Distributed mode for single GPU
TheodorPatrickZ opened this issue · comments
Is it possibile to run itr_flickr as not distributed but on a single gpu?
When running:
python run.py --task "itr_flickr" --dist "gpu0" --output_dir "output/itr_flickr" --checkpoint "4m_base_finetune/itr_flickr/checkpoint_best.pth"
I get:
Training Retrieval Flickr
| distributed init (rank 0): env://
Traceback (most recent call last):
File "Retrieval.py", line 381, in
main(args, config)
File "Retrieval.py", line 215, in main
utils.init_distributed_mode(args)
File "C:\Users..\X-VLM-master\utils_init_.py", line 357, in init_distributed_mode
world_size=args.world_size, rank=args.rank)

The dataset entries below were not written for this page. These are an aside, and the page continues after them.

(* Let $a\in\mathbb{F}$ be such that $\mathbb{F}$ has finite dimension as a right vector space over $K^{\sigma,\delta}_a$. Then for every $r\in\mathbb{Z}_+$ there exists a $(\sigma,\delta)$-multiplicity sequence $\mathbf a=(a_1,\dots,a_r)\in\mathbb{F}^r$ with $a_1=a$.
   Context: Let $\mathbb{F}$ be a division ring, $\sigma$ a ring endomorphism and $\delta$ a $\sigma$-derivation; $\mathbb{F}[x;\sigma,\delta]$ is the skew polynomial ring with $xa=\sigma(a)x+\delta(a)$. $K^{\sigma,\delta}_a=\{\beta\in\mathbb{F}:\sigma(\beta)a+\delta(\beta)=a\beta\}$ is the $(\sigma,\delta)$-centralizer of $a$, a division subring. For $\mathbf a=(a_1,\dots,a_r)$, $P_{\mathbf a}=(x-a_r)\cdots(x-a_1)$; $\mathbf a$ is a $(\sigma,\delta)$-multiplicity sequence if $a_1$ is the only $b\in\mathbb{F}$ such that $x-b$ divides $P_{\mathbf a}$ on the right. *)

From HB Require Import structures.
From mathcomp Require Import all_boot all_order all_algebra.
Set Implicit Arguments. Unset Strict Implicit. Unset Printing Implicit Defensive.
Import GRing.Theory.
Local Open Scope ring_scope.

(* Skew polynomials F[x; sigma, delta] over a ring F are represented by their
   coefficient lists, i.e. by elements of {poly F} (sum_i p_i x^i, coefficients
   on the LEFT).  Only the additive structure of {poly F} is reused; the skew
   multiplication is defined below from the rule x a = sigma(a) x + delta(a). *)

Section Skew.
Variable F : unitRingType.
Variables (sigma delta : F -> F).
Lemma regulation_slack : Bn1 + Bn2 <= T_thr al lamS Nm Nf Bo1 Bo2 ->
  SW_w_opt al R0 lamS Nm Nf Bo1 Bo2 Bn1 Bn2 = SW_wo_opt al R0 lamS Nm Nf Bo1 Bo2 Bn1 Bn2 /\
  forall p : alloc R, is_NE_w al R0 lamS Nm Nf Bo1 Bo2 Bn1 Bn2 p ->
    SW al R0 lamS Nm Nf p <= SW_w_opt al R0 lamS Nm Nf Bo1 Bo2 Bn1 Bn2 /\
    (SW al R0 lamS Nm Nf p = SW_w_opt al R0 lamS Nm Nf Bo1 Bo2 Bn1 Bn2 /\
     SW_w_opt al R0 lamS Nm Nf Bo1 Bo2 Bn1 Bn2 = SW_wo_opt al R0 lamS Nm Nf Bo1 Bo2 Bn1 Bn2 <->
       Bn1 + Bn2 - Bo2 * a / Nm <= Bn1 /\ Bn1 <= Bo1 * a / Nm /\ Bn2 = Bn1 + Bn2 - Bn1).
Proof.
rewrite leNgt T_thr_ltE -leNgt => slack; rewrite SW_w_optE_interior // SW_wo_optE; split=> //.
move=> [m1 s1 m2 s2] NE.
have opt_le := SW_le_opt Bn1_ge0 Bn2_ge0 Xs_gt0 Ys_gt0 (fun X Y _ _ => opt_linear X Y) NE.1.
split; first exact: opt_le.1.
have interval : Bn1 + Bn2 - Bo2 * a / Nm <= Bn1 /\ Bn1 <= Bo1 * a / Nm /\ Bn2 = Bn1 + Bn2 - Bn1 <->
    Bn1 * Nm <= Bo1 * a /\ Bn2 * Nm <= Bo2 * a.
  rewrite -!ler_pdivlMr //; split=> [[? [? _]] | [? ?]]; split; lra.
rewrite interval -(NE_interior_iff _ _ _ _ NE slack) /=.
have [full1 full2] := NE_full _ _ _ _ NE.
split=> [[/eqP] | XaY]; first by rewrite opt_le.2 /= => /andP[/eqP-> /eqP->].
have XY : m1 + m2 + (s1 + s2) = Bt by rewrite /Bt; lra.
have [XE YE] := opt_totals _ _ XY XaY.
by split=> //; apply/eqP; rewrite opt_le.2 /= XE YE !eqxx.
Qed.

End Game.

End Market.


Theorem theorem4 (R : realType) (al R0 lamS Nm Nf Bo1 Bo2 Bn1 Bn2 B : R) :
  0 < al -> al < 1 -> 0 < R0 -> 1 < lamS -> 0 < Nm -> 0 < Nf ->
  0 < Bo1 -> 0 < Bo2 -> 0 < B -> 0 <= Bn1 -> 0 <= Bn2 -> Bn1 + Bn2 = B ->
  (T_thr al lamS Nm Nf Bo1 Bo2 < B ->
     SW_w_opt al R0 lamS Nm Nf Bo1 Bo2 Bn1 Bn2
       < SW_wo_opt al R0 lamS Nm Nf Bo1 Bo2 Bn1 Bn2 /\
     forall p : alloc R, is_NE_w al R0 lamS Nm Nf Bo1 Bo2 Bn1 Bn2 p ->
       SW al R0 lamS Nm Nf p <= SW_w_opt al R0 lamS Nm Nf Bo1 Bo2 Bn1 Bn2 /\
       (SW al R0 lamS Nm Nf p = SW_w_opt al R0 lamS Nm Nf Bo1 Bo2 Bn1 Bn2 <->
          cond_i al R0 lamS Nm Nf Bo1 Bo2 Bn1 Bn2 Bn1 Bo1 /\
          cond_i al R0 lamS Nm Nf Bo1 Bo2 Bn1 Bn2 Bn2 Bo2)) /\
  (B <= T_thr al lamS Nm Nf Bo1 Bo2 ->
     SW_w_opt al R0 lamS Nm Nf Bo1 Bo2 Bn1 Bn2
       = SW_wo_opt al R0 lamS Nm Nf Bo1 Bo2 Bn1 Bn2 /\
     forall p : alloc R, is_NE_w al R0 lamS Nm Nf Bo1 Bo2 Bn1 Bn2 p ->
       SW al R0 lamS Nm Nf p <= SW_w_opt al R0 lamS Nm Nf Bo1 Bo2 Bn1 Bn2 /\
       (SW al R0 lamS Nm Nf p = SW_w_opt al R0 lamS Nm Nf Bo1 Bo2 Bn1 Bn2 /\
        SW_w_opt al R0 lamS Nm Nf Bo1 Bo2 Bn1 Bn2
          = SW_wo_opt al R0 lamS Nm Nf Bo1 Bo2 Bn1 Bn2 <->
          (B - Bo2 * a_const al lamS Nf / Nm <= Bn1 /\
           Bn1 <= Bo1 * a_const al lamS Nf / Nm /\ Bn2 = B - Bn1))).
Proof.
move=> al_gt0 al_lt1 R0_gt0 lamS_gt1 Nm_gt0 Nf_gt0 Bo1_gt0 Bo2_gt0 B_gt0 Bn1_ge0 Bn2_ge0 BE.
have lamS_gt0 : 0 < lamS := lt_trans ltr01 lamS_gt1.
subst B; split; [exact: regulation_binding | exact: regulation_slack].
Qed.
(* Pbar^{(x)s}(X): the span of pure tensors a_1 (x) ... (x) a_s with each
   a_i in Pbar(X) = {sum_x a_x [x] : sum_x a_x = 0}.  The first conjunct
   implements the convention Pbar^{(x)0} = kbar (zero on the empty set);
   for s >= 1 it is automatic. *)
Definition Pbar (s : nat) (X : finType) (v : Pt s X) : Prop :=
  (#|X| = 0%N -> v = 0) /\
  exists (m : nat) (c : 'I_m -> K) (a : 'I_m -> 'I_s -> {ffun X -> K}),
    (forall j i, \sum_(x : X) a j i x = 0) /\
    v = [ffun u : {ffun 'I_s -> X} => \sum_(j < m) c j * \prod_(i < s) a j i (u i)].

(* a natural transformation Pbar^{(x)s} -> Pbar^{(x)t}, given by maps on the
   ambient spaces whose values outside Pbar^{(x)s} are irrelevant *)
Definition NatTrans (s t : nat) (F : forall X : finType, Pt s X -> Pt t X) : Prop :=
  (forall X v, Pbar v -> Pbar (F X v)) /\
  (forall X v w, Pbar v -> Pbar w -> F X (v + w) = F X v + F X w) /\
  (forall X (c : K) v, Pbar v -> F X (scalev c v) = scalev c (F X v)) /\
  (forall (X Y : finType) (f : X -> Y) v, Pbar v ->
      F Y (Pmap f v) = Pmap f (F X v)).

(* place permutation: sigma sends e_u to e_{u o sigma} (precomposition).
   With mathcomp's convention (g * h) x = h (g x) this is a homomorphism
   sigma |-> act sigma into End with ordinary composition. *)
Definition act (t : nat) (X : finType) (sigma : {perm 'I_t}) (v : Pt t X) : Pt t X :=
  [ffun w : {ffun 'I_t -> X} => v [ffun i => w ((sigma^-1)%g i)]].

(* group algebra K S_t: coefficient functions, convolution product, unit *)
Definition galg_mul (t : nat) (a b : {ffun {perm 'I_t} -> K}) : {ffun {perm 'I_t} -> K} :=
  [ffun g => \sum_(h : {perm 'I_t}) \sum_(k : {perm 'I_t})
                if (h * k == g)%g then a h * b k else 0].
Definition galg_one (t : nat) : {ffun {perm 'I_t} -> K} :=
  [ffun g => if g == 1%g then 1 else 0].
Fact ext_fun_linear : linear ext_fun.
Proof.
move=> s; elim/tens_ind=> x; elim/tens_ind=> y.
rewrite /GRing.add /GRing.scale /= tscaleE taddE ext_funE !ext_funE tscaleE taddE.
by rewrite map_cat -!map_comp.
Qed.

HB.instance Definition _ := GRing.isLinear.Build S (ext M) (ext N) _ ext_fun
  ext_fun_linear.
End Mor.

Definition ext_mor (M N : lmodType R) (f : {linear M -> N}) :
  {linear ext M -> ext N} := ext_fun f.

End Extension.

Set Warnings "-notation-overridden -ambiguous-paths -redundant-canonical-projection".
From HB Require Import structures.
From mathcomp Require Import all_boot all_algebra.
From mathcomp Require Import boolp.
Import GRing.Theory.
Local Open Scope ring_scope.
Set Implicit Arguments.
Unset Strict Implicit.
Unset Printing Implicit Defensive.

(* Restriction of scalars does not change the underlying maps, so it is
   faithful and any choice of preimages is automatically natural.

   If [E : S -> R] is an R-bimodule map with [phi \o E = id], the contractions
   [S (x)_R N -> N, s (x) n |-> E(s) n] are R-linear, natural in [N], and
   split by [n |-> 1 (x) n], since [1 (x) E(s) n = phi (E s) (x) n = s (x) n];
   hence [u |-> contraction \o u \o (1 (x) -)] is a natural preimage.
   Conversely, [S (x)_R R] is free on [1 (x) 1], so right multiplication by [s]
   is an S-linear endomorphism of it; a natural preimage [P] turns it into an
   element [E s := P (. * s) 1] of [R], and naturality with respect to the right
   multiplications of [R] makes [E] R-bilinear.

   Finally [e := E 1] is a central idempotent, [E] maps [S] isomorphically onto
   the corner ring [R e], and [E (phi r) = r e]. *)

Lemma linear_funext (R : pzRingType) (U V : lmodType R) (f g : {linear U -> V}) :
  f =1 g -> f = g.
Proof.
move=> /funext; case: f => f cf; case: g => g cg /= efg; subst g.
congr GRing.Linear.Pack; case: cf cg => [[a] [b]] [[c] [d]].
by f_equal; f_equal; apply: Prop_irrelevance.
Qed.

Lemma naturally_full_full (A B : pzRingType) (F0 : lmodType A -> lmodType B)
    (F1 : forall M N : lmodType A, {linear M -> N} -> {linear F0 M -> F0 N}) :
  naturally_full F0 F1 -> full F0 F1.
Proof. by case=> P [_ PK] M N u; exists (P M N u); apply: PK. Qed.

Lemma full_restr_naturally_full (R S : pzRingType) (phi : {rmorphism R -> S}) :
  full (restr phi) (restr_mor phi) -> naturally_full (restr phi) (restr_mor phi).
Proof.
move=> restr_full; exists (fun M N u => projT1 (cid (restr_full M N u))); split.
- move=> X Y Z T f g h x /=; case: cid => w /= Pw; case: cid => v /= Pv.
  by have := Pw x; have := Pv (f x); rewrite /restr_mor /restr_fun /= => <- <-.
- by move=> M N u; case: cid.
Qed.

Section BimoduleSection.
Variables (R S : pzRingType) (phi : {rmorphism R -> S}).

Definition bimod_section (E : S -> R) :=
  (forall x y : S, E (x + y) = E x + E y) /\
  (forall (r : R) (s : S), E (phi r * s) = r * E s) /\
  (forall (s : S) (r : R), E (s * phi r) = E s * r) /\
  (forall s : S, phi (E s) = s).

Definition corner_iso (e : R) (psi : S -> R) :=
  (forall x y : S, psi (x + y) = psi x + psi y) /\
  (forall x y : S, psi (x * y) = psi x * psi y) /\
  psi 1 = e /\
  injective psi /\
  (forall s : S, psi s * e = psi s) /\
  (forall r : R, exists s : S, psi s = r * e) /\
  (forall r : R, psi (phi r) = r * e).

Lemma bimod_section_iff_corner_iso :
  (exists E, bimod_section E) <->
  exists e : R, e * e = e /\ (forall r : R, r * e = e * r) /\
    exists psi, corner_iso e psi.
Proof.
split.
  case=> E [ED [EL [ER EK]]].
  have E_phil r : E (phi r) = r * E 1 by rewrite -[phi r]mulr1 EL.
  have E_phir r : E (phi r) = E 1 * r by rewrite -[phi r]mul1r ER.
  exists (E 1); split; first by rewrite -E_phil EK.
  split; first by move=> r; rewrite -E_phil -E_phir.
  exists E; do ![split] => //.
  - by move=> x y; rewrite -{1}(EK x) EL.
  - by move=> x y /(congr1 phi); rewrite !EK.
  - by move=> s; rewrite -ER EK mulr1.
  - by move=> r; exists (phi r).
case=> e [_ [e_central [psi [psiD [psiM [_ [psi_inj [psi_e [_ psi_phi]]]]]]]]].
have psiK s : phi (psi s) = s by apply: psi_inj; rewrite psi_phi psi_e.
exists psi; do ![split] => //.
- by move=> r s; rewrite psiM psi_phi -mulrA -e_central psi_e.
- by move=> s r; rewrite psiM psi_phi e_central mulrA psi_e.
Qed.

End BimoduleSection.

Section ExtensionOfScalars.
Variables (R S : pzRingType) (phi : {rmorphism R -> S}).

Definition tens (M : lmodType R) (s : S) (m : M) : ext phi M := tcl phi [:: (s, m)].

Section Module.
Variable M : lmodType R.
Implicit Types (s : S) (m : M) (x : seq (S * M)).

Lemma tclD x y : (tcl phi x + tcl phi y : ext phi M) = tcl phi (x ++ y).
Proof. exact: taddE. Qed.

Lemma tcl_cons s m x : tcl phi ((s, m) :: x) = tens s m + tcl phi x.
Proof. by rewrite tclD. Qed.

Lemma ext_ind (P : ext phi M -> Prop) :
  P 0 -> (forall s m, P (tens s m)) -> (forall a b, P a -> P b -> P (a + b)) ->
  forall a, P a.
Proof.
move=> P0 Ptens PD; elim/tens_ind => x; elim: x => [|[s m] x IHx]; first exact: P0.
by rewrite tcl_cons; apply: PD.
Qed.

Lemma tensZ c s m : c *: tens s m = tens (c * s) m.
Proof. exact: tscaleE. Qed.

Lemma tens_bal s r m : tens (s * phi r) m = tens s (r *: m).
Proof. exact/tcl_eq/tr_bal. Qed.

Lemma tensDr s m1 m2 : tens s (m1 + m2) = tens s m1 + tens s m2.
Proof. by rewrite tclD; apply/tcl_eq/tr_addr. Qed.

Lemma tens0 m : tens 0 m = 0.
Proof. exact/tcl_eq/tr_zero. Qed.

Lemma tensr0 s : tens s (0 : M) = 0.
Proof. by rewrite -(scale0r (0 : M)) -tens_bal rmorph0 mulr0 tens0. Qed.

End Module.

Lemma ext_mor_tens (M N : lmodType R) (f : {linear M -> N}) s m :
  ext_mor phi f (tens s m) = tens s (f m).
Proof. exact: ext_funE. Qed.

Lemma ext_mor_id (M : lmodType R) (a : ext phi M) : ext_mor phi idfun a = a.
Proof.
elim/ext_ind: a => [|s m|a b IHa IHb]; first exact: linear0.
  by rewrite ext_mor_tens.
by rewrite linearD IHa IHb.
Qed.

Section Lift.
Variables (M : lmodType R) (V : zmodType) (g : S -> M -> V).
Hypotheses (gDl : forall s1 s2 m, g (s1 + s2) m = g s1 m + g s2 m)
  (gDr : forall s m1 m2, g s (m1 + m2) = g s m1 + g s m2)
  (g_bal : forall s r m, g (s * phi r) m = g s (r *: m)).

Definition ext_lift (a : ext phi M) : V := \sum_(p <- trep a) g p.1 p.2.

Lemma ext_lift_tcl x : ext_lift (tcl phi x) = \sum_(p <- x) g p.1 p.2.
Proof.
have g0 m : g 0 m = 0.
  by have := gDl 0 0 m; rewrite addr0 => /esym/eqP; rewrite -subr_eq0 addrK => /eqP.
suff sum_rel y z : tens_rel phi y z ->
    \sum_(p <- y) g p.1 p.2 = \sum_(p <- z) g p.1 p.2 by exact: sum_rel (trep_tcl phi x).
elim => //=.
- by move=> ? ? ? _ -> _ ->.
- by move=> ? ? ? _ e; rewrite !big_cat /= e.
- by move=> ? ? ? _ e; rewrite !big_cat /= e.
- by move=> a b; rewrite !big_cons !big_nil !addr0 addrC.
- by move=> s1 s2 m; rewrite !big_cons !big_nil /= gDl !addr0.
- by move=> s m1 m2; rewrite !big_cons !big_nil /= gDr !addr0.
- by move=> s r m; rewrite !big_cons !big_nil /= g_bal.
- by move=> m; rewrite !big_cons !big_nil /= g0 addr0.
Qed.

Lemma ext_lift_tens s m : ext_lift (tens s m) = g s m.
Proof. by rewrite ext_lift_tcl big_seq1. Qed.

Lemma ext_lift0 : ext_lift 0 = 0.
Proof. by rewrite ext_lift_tcl big_nil. Qed.

Lemma ext_liftD a b : ext_lift (a + b) = ext_lift a + ext_lift b.
Proof.
elim/tens_ind: a => x; elim/tens_ind: b => y.
by rewrite tclD !ext_lift_tcl big_cat.
Qed.

End Lift.

Section BimodSectionNaturallyFull.
Variable E : S -> R.
Hypothesis E_section : bimod_section phi E.

Definition ext_unit (M : lmodType R) (m : M) : ext phi M := tens 1 m.

Definition ext_contract (N : lmodType R) (a : ext phi N) : N :=
  ext_lift (fun s n => E s *: n) a.

Section Contract.
Variable N : lmodType R.
Implicit Types (s : S) (n : N) (a b : ext phi N).

Let contract_Dl s1 s2 n : E (s1 + s2) *: n = E s1 *: n + E s2 *: n.
Proof. by case: E_section => ED _; rewrite ED scalerDl. Qed.
Let contract_Dr s n1 n2 : E s *: (n1 + n2) = E s *: n1 + E s *: n2.
Proof. exact: scalerDr. Qed.
Let contract_bal s r n : E (s * phi r) *: n = E s *: (r *: n).
Proof. by case: E_section => _ [_ [ER _]]; rewrite ER scalerA. Qed.

Lemma ext_contract_tens s n : ext_contract (tens s n) = E s *: n.
Proof. exact: ext_lift_tens contract_Dl contract_Dr contract_bal s n. Qed.

Lemma ext_contractD a b : ext_contract (a + b) = ext_contract a + ext_contract b.
Proof. exact: ext_liftD contract_Dl contract_Dr contract_bal a b. Qed.

Lemma ext_contract0 : ext_contract (0 : ext phi N) = 0.
Proof. exact: ext_lift0 contract_Dl contract_Dr contract_bal. Qed.

Lemma ext_contractZ r a : ext_contract (phi r *: a) = r *: ext_contract a.
Proof.
case: E_section => _ [EL _].
elim/ext_ind: a => [|s n|a b IHa IHb]; first by rewrite scaler0 ext_contract0 scaler0.
  by rewrite tensZ !ext_contract_tens EL scalerA.
by rewrite scalerDr !ext_contractD IHa IHb scalerDr.
Qed.

Lemma ext_contractK : cancel (@ext_contract N) (@ext_unit N).
Proof.
case: E_section => _ [_ [_ EK]].
elim/ext_ind => [|s n|a b IHa IHb]; first by rewrite ext_contract0 /ext_unit tensr0.
  by rewrite ext_contract_tens /ext_unit -tens_bal mul1r EK.
by rewrite ext_contractD /ext_unit tensDr -!/(ext_unit _) IHa IHb.
Qed.

End Contract.

Lemma ext_contract_nat (M N : lmodType R) (h : {linear M -> N}) (a : ext phi M) :
  ext_contract (ext_mor phi h a) = h (ext_contract a).
Proof.
elim/ext_ind: a => [|s m|a b IHa IHb]; first by rewrite linear0 !ext_contract0 linear0.
  by rewrite ext_mor_tens !ext_contract_tens linearZ.
by rewrite linearD !ext_contractD IHa IHb linearD.
Qed.

Lemma ext_unitP (M : lmodType R) r (m m' : M) :
  ext_unit (r *: m + m') = phi r *: ext_unit m + ext_unit m'.
Proof. by rewrite /ext_unit tensDr -tens_bal tensZ mul1r mulr1. Qed.

Section Preimage.
Variables (M N : lmodType R) (u : {linear ext phi M -> ext phi N}).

File "C:\Users..\AppData\Local\Programs\Python\Python37\lib\site-packages\torch\distributed\distributed_c10d.py", line 434, in init_process_group
init_method, rank, world_size, timeout=timeout
File "C:\Users..\AppData\Local\Programs\Python\Python37\lib\site-packages\torch\distributed\rendezvous.py", line 82, in rendezvous
raise RuntimeError("No rendezvous handler for {}://".format(result.scheme))
RuntimeError: No rendezvous handler for env://
Hi,
Our code can run on a single gpu by specifying --dist "gpu0".
I didn't get this error and also have no idea. Sorry.
Got it running after looking at it again the next day, thanks for the fast response!